- About this exercise -
Using the listing below, print exactly everything from the line with "(* Let $k\geq" down to the line with "(giving [zeta >= (k+2)/3", both included, and nothing more.

Materials provided: Begin

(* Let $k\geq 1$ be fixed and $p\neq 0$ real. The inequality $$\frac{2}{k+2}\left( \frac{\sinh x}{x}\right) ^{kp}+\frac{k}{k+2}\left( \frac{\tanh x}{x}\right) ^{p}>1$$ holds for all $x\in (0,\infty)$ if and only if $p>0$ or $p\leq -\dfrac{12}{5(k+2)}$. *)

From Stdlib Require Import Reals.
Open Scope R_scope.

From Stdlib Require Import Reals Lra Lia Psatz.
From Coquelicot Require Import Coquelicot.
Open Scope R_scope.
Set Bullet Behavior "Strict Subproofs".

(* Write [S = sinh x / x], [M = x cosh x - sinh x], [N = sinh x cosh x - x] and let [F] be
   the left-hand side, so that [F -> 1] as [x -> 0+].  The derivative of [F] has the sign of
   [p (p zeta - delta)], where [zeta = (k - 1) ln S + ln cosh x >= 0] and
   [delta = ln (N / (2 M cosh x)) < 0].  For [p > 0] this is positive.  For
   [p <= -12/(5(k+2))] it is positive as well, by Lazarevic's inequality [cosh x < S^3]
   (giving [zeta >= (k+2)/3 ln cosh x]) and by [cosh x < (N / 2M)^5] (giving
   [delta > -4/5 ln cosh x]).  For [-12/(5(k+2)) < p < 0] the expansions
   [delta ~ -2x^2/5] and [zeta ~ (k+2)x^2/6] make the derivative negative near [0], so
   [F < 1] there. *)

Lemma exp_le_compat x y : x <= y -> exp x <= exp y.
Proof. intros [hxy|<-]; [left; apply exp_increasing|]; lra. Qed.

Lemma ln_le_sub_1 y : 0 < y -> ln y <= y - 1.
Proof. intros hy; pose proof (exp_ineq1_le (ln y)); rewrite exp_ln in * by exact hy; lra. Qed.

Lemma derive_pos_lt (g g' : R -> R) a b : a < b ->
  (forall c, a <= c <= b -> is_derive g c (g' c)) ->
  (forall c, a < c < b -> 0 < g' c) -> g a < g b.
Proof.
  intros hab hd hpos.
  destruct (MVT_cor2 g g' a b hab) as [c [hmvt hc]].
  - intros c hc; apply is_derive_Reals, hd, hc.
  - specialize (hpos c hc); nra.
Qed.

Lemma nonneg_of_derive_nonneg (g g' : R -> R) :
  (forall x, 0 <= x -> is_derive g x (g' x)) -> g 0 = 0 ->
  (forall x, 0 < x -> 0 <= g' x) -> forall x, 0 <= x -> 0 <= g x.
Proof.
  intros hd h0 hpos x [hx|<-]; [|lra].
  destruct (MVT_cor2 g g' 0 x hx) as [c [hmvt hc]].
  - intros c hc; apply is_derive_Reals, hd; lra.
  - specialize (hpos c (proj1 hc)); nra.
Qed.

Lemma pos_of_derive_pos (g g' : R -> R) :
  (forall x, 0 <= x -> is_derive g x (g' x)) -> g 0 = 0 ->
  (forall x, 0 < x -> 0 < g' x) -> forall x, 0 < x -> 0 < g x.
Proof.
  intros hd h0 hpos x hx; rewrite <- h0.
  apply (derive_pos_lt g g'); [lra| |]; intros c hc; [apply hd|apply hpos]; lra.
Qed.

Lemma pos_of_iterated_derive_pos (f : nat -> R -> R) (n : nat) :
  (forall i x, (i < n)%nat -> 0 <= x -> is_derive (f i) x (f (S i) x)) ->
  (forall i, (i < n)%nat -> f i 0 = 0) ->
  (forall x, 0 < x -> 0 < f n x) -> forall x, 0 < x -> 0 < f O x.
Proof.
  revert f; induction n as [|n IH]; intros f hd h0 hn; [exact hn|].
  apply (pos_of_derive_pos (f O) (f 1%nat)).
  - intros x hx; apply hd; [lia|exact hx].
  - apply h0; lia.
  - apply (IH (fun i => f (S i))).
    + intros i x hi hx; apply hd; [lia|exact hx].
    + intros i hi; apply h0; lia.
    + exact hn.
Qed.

Materials provided: End
Materials provided: Begin

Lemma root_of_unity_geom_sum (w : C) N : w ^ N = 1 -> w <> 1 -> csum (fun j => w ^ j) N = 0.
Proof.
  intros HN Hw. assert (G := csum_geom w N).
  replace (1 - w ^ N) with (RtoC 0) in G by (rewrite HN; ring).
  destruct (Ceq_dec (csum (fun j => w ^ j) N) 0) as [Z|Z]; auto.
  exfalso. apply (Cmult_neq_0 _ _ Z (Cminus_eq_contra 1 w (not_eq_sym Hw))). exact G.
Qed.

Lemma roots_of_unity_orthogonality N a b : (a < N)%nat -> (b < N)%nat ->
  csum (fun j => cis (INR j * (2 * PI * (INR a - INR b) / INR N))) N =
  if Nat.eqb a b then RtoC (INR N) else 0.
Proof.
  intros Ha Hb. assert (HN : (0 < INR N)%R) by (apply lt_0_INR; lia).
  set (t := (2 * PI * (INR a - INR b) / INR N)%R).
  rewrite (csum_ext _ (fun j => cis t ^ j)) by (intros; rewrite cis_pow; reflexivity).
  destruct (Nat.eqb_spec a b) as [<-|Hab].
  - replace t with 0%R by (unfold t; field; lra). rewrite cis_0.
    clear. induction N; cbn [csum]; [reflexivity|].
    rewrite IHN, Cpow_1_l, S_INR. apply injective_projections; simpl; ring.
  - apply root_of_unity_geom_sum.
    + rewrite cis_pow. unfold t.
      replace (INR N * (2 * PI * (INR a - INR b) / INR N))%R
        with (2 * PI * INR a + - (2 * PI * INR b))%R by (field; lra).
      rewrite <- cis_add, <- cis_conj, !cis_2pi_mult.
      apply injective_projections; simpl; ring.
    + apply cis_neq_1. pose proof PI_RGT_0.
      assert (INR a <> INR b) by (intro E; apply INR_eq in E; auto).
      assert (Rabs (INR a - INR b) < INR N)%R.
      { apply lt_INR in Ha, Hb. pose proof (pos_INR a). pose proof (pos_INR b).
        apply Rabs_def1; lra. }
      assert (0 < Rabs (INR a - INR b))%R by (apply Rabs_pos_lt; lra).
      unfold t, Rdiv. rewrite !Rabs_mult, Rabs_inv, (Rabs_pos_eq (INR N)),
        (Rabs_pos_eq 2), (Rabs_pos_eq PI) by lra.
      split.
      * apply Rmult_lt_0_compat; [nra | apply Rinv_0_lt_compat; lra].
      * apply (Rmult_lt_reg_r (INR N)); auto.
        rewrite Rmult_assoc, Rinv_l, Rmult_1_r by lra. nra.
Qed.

Materials provided: End

- Result for this task -
(* Let $k\geq 1$ be fixed and $p\neq 0$ real. The inequality $$\frac{2}{k+2}\left( \frac{\sinh x}{x}\right) ^{kp}+\frac{k}{k+2}\left( \frac{\tanh x}{x}\right) ^{p}>1$$ holds for all $x\in (0,\infty)$ if and only if $p>0$ or $p\leq -\dfrac{12}{5(k+2)}$. *)

From Stdlib Require Import Reals.
Open Scope R_scope.

From Stdlib Require Import Reals Lra Lia Psatz.
From Coquelicot Require Import Coquelicot.
Open Scope R_scope.
Set Bullet Behavior "Strict Subproofs".

(* Write [S = sinh x / x], [M = x cosh x - sinh x], [N = sinh x cosh x - x] and let [F] be
   the left-hand side, so that [F -> 1] as [x -> 0+].  The derivative of [F] has the sign of
   [p (p zeta - delta)], where [zeta = (k - 1) ln S + ln cosh x >= 0] and
   [delta = ln (N / (2 M cosh x)) < 0].  For [p > 0] this is positive.  For
   [p <= -12/(5(k+2))] it is positive as well, by Lazarevic's inequality [cosh x < S^3]
   (giving [zeta >= (k+2)/3 ln cosh x]) and by [cosh x < (N / 2M)^5] (giving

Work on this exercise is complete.